Abstract
During the routine examination of chick embryos which had died during incubation, we found in 1923 several embryos exhibiting a striking abnormality resembling the condition known in mammals as Chondrodystrophia foetais (Kaufman).∗ As far as our knowledge of the literature reaches, chondrodystrophia is here reported for the first time in bird embryos.
The abnormal embryos were found first in the eggs from one fowl, but subsequently some 50 embryos of the same type have been found among about 4,000 embryos from several strains and varieties of fowls which have been examined. Inheritance may play some part in the causation of this abnormality, although our evidence is conclusive that it is not a simple Mendelian trait. Such embryos (at least those showing this malformation in a recognizable degree) have never hatched. Embryos dying as early as the 12th to 14th day of incubation have shown some of the extreme characters of the chondrodystrophic condition. Most frequently the abnormal embryos die near the end of the incubation period (18th to 20th days), while some have been found still living, but unable to emerge from the shell on the 23rd day of incubation.

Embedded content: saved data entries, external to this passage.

(* Let $f\in\mathbb{Z}_2[x]$, $n\ge1$, and let $\sigma$ be a growing $k$-cycle of $f_n$. Then its (unique) lift either strongly grows or strongly splits.
   Context: $f_n$ is the induced map on $\mathbb{Z}/2^n\mathbb{Z}$, $f_n(x\bmod 2^n)=f(x)\bmod 2^n$. A $k$-cycle of $f_n$ is a tuple $\sigma=(x_1,\dots,x_k)$ of distinct elements with $f_n(x_i)=x_{i+1}$, $f_n(x_k)=x_1$; $\sigma$ grows if $\{y\in\mathbb{Z}/2^{n+1}\mathbb{Z}:y\bmod 2^n\in\sigma\}$ is a single cycle of $f_{n+1}$ (of length $2k$), called its lift. For a cycle of length $\ell$ at level $m$ and a representative $x\in\mathbb{Z}_2$ of one of its points, $a_m=(f^\ell)'(x)$ and $b_m=(f^\ell(x)-x)/2^m$; the cycle strongly grows if $a_m\equiv1\pmod4$ and $b_m$ is odd, and strongly splits if $a_m\equiv1\pmod4$ and $b_m$ is even. *)

From HB Require Import structures.
From mathcomp Require Import all_boot all_order all_algebra.
From mathcomp Require Import boolp.
Set Implicit Arguments. Unset Strict Implicit. Unset Printing Implicit Defensive.
Import Order.TTheory GRing.Theory Num.Theory.

(* The ring Z_2 of 2-adic integers, as the inverse limit of the Z/2^n:      *)
(* an element is a coherent sequence of residues x_n in [0, 2^n) with      *)
(* x_{n+1} mod 2^n = x_n (coherence forces x_n < 2^n).                       *)
Record Z2 := MkZ2 { z2seq : nat -> nat ;
                    z2coh : forall n, z2seq n.+1 %% 2 ^ n = z2seq n }.

HB.instance Definition _ := gen_eqMixin Z2.
HB.instance Definition _ := gen_choiceMixin Z2.

Lemma z2_ext (x y : Z2) : (forall n, z2seq x n = z2seq y n) -> x = y.
Proof.
case: x y => [x hx] [y hy] /= e.
have exy : x = y by apply: funext.
subst y; congr MkZ2; exact: Prop_irrelevance.
Qed.

Lemma z2_mod (x : Z2) n : z2seq x n %% 2 ^ n = z2seq x n.
Proof. by rewrite -z2coh modn_mod. Qed.

Lemma dvd2S n : 2 ^ n %| 2 ^ n.+1.
Proof. by rewrite expnS dvdn_mull. Qed.

Definition z2_of_fun (f : nat -> nat)
  (hf : forall n, f n.+1 %% 2 ^ n = f n %% 2 ^ n) : Z2.
refine (@MkZ2 (fun n => f n %% 2 ^ n) _).
move=> n; by rewrite modn_dvdm ?dvd2S // hf.
Defined.

Lemma z2_of_funE f hf n : z2seq (@z2_of_fun f hf) n = f n %% 2 ^ n.
Proof. by []. Qed.

Lemma z2_zero_coh n : 0 %% 2 ^ n = 0 %% 2 ^ n. Proof. by []. Qed.
Definition z2zero : Z2 := z2_of_fun z2_zero_coh.

Lemma z2_one_coh n : 1 %% 2 ^ n.+1 %% 2 ^ n = 1 %% 2 ^ n.
Proof. by rewrite modn_dvdm ?dvd2S. Qed.

Lemma z2_add_coh (x y : Z2) n :
  (z2seq x n.+1 + z2seq y n.+1) %% 2 ^ n = (z2seq x n + z2seq y n) %% 2 ^ n.
Proof. by rewrite -modnDm !z2coh. Qed.
Definition z2add (x y : Z2) : Z2 := z2_of_fun (z2_add_coh x y).

Lemma z2_mul_coh (x y : Z2) n :
  (z2seq x n.+1 * z2seq y n.+1) %% 2 ^ n = (z2seq x n * z2seq y n) %% 2 ^ n.
Proof. by rewrite -modnMm !z2coh. Qed.
Definition z2mul (x y : Z2) : Z2 := z2_of_fun (z2_mul_coh x y).

Lemma z2_opp_coh (x : Z2) n :
  (2 ^ n.+1 - z2seq x n.+1) %% 2 ^ n = (2 ^ n - z2seq x n) %% 2 ^ n.
Proof.
have lt1 : z2seq x n.+1 <= 2 ^ n.+1.
  by rewrite -z2_mod ltnW // ltn_mod expn_gt0.
have lt0 : z2seq x n <= 2 ^ n.
  by rewrite -z2_mod ltnW // ltn_mod expn_gt0.
apply/eqP; rewrite -(eqn_modDr (z2seq x n.+1)) subnK //.
rewrite expnS modnMl -modnDmr z2coh subnK // modnn //.
Qed.
Definition z2opp (x : Z2) : Z2 := z2_of_fun (z2_opp_coh x).

Lemma z2_addA : associative z2add.
Proof. by move=> x y z; apply: z2_ext => n /=; rewrite modnDml modnDmr addnA. Qed.
Lemma z2_addC : commutative z2add.
Proof. by move=> x y; apply: z2_ext => n /=; rewrite addnC. Qed.
Lemma z2_add0 : left_id z2zero z2add.
Proof. by move=> x; apply: z2_ext => n /=; rewrite mod0n add0n z2_mod. Qed.
Lemma z2_addN : left_inverse z2zero z2opp z2add.
Proof.
move=> x; apply: z2_ext => n /=; rewrite modnDml subnK ?modnn ?mod0n //.
by rewrite -z2_mod ltnW // ltn_mod expn_gt0.
Qed.

HB.instance Definition _ := GRing.isZmodule.Build Z2 z2_addA z2_addC z2_add0 z2_addN.

Definition z2one : Z2 := MkZ2 z2_one_coh.

Lemma z2_mulA : associative z2mul.
Proof. by move=> x y z; apply: z2_ext => n /=; rewrite modnMml modnMmr mulnA. Qed.
Lemma z2_mulC : commutative z2mul.
Proof. by move=> x y; apply: z2_ext => n /=; rewrite mulnC. Qed.
Lemma z2_mul1 : left_id z2one z2mul.
Proof. by move=> x; apply: z2_ext => n /=; rewrite modnMml mul1n z2_mod. Qed.
Lemma z2_mulDl : left_distributive z2mul (@GRing.add Z2).
Proof.
move=> x y z; apply: z2_ext => n /=.
by rewrite modnMml modnDml modnDmr mulnDl.
Qed.
Lemma z2_one_neq0 : z2one != 0%R.
Proof.
apply/eqP => /(congr1 (fun x => z2seq x 1)) /=.
by rewrite /z2zero /=.
Qed.

HB.instance Definition _ := GRing.Zmodule_isComNzRing.Build Z2
  z2_mulA z2_mulC z2_mul1 z2_mulDl z2_one_neq0.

The external morphology of these embryos, and, as far as our observations go, the histological structure of the cartilage and of the bones as well, resemble very strikingly the characteristics reported for mammalian chondrodystrophia. A typical chondrodystrophic embryo, nineteen days old, is shown in Fig. 1. A comparison of this embryo with a normal embryo of the same age (Fig. 2) shows at once the extraordinary shortening of the legs and the abnormal conformation of the head. In the most extreme cases the legs scarcely protrude beyond the body, the plantar surface is directed towards the body, and the legs are bent towards the body, but are too short to reach each other.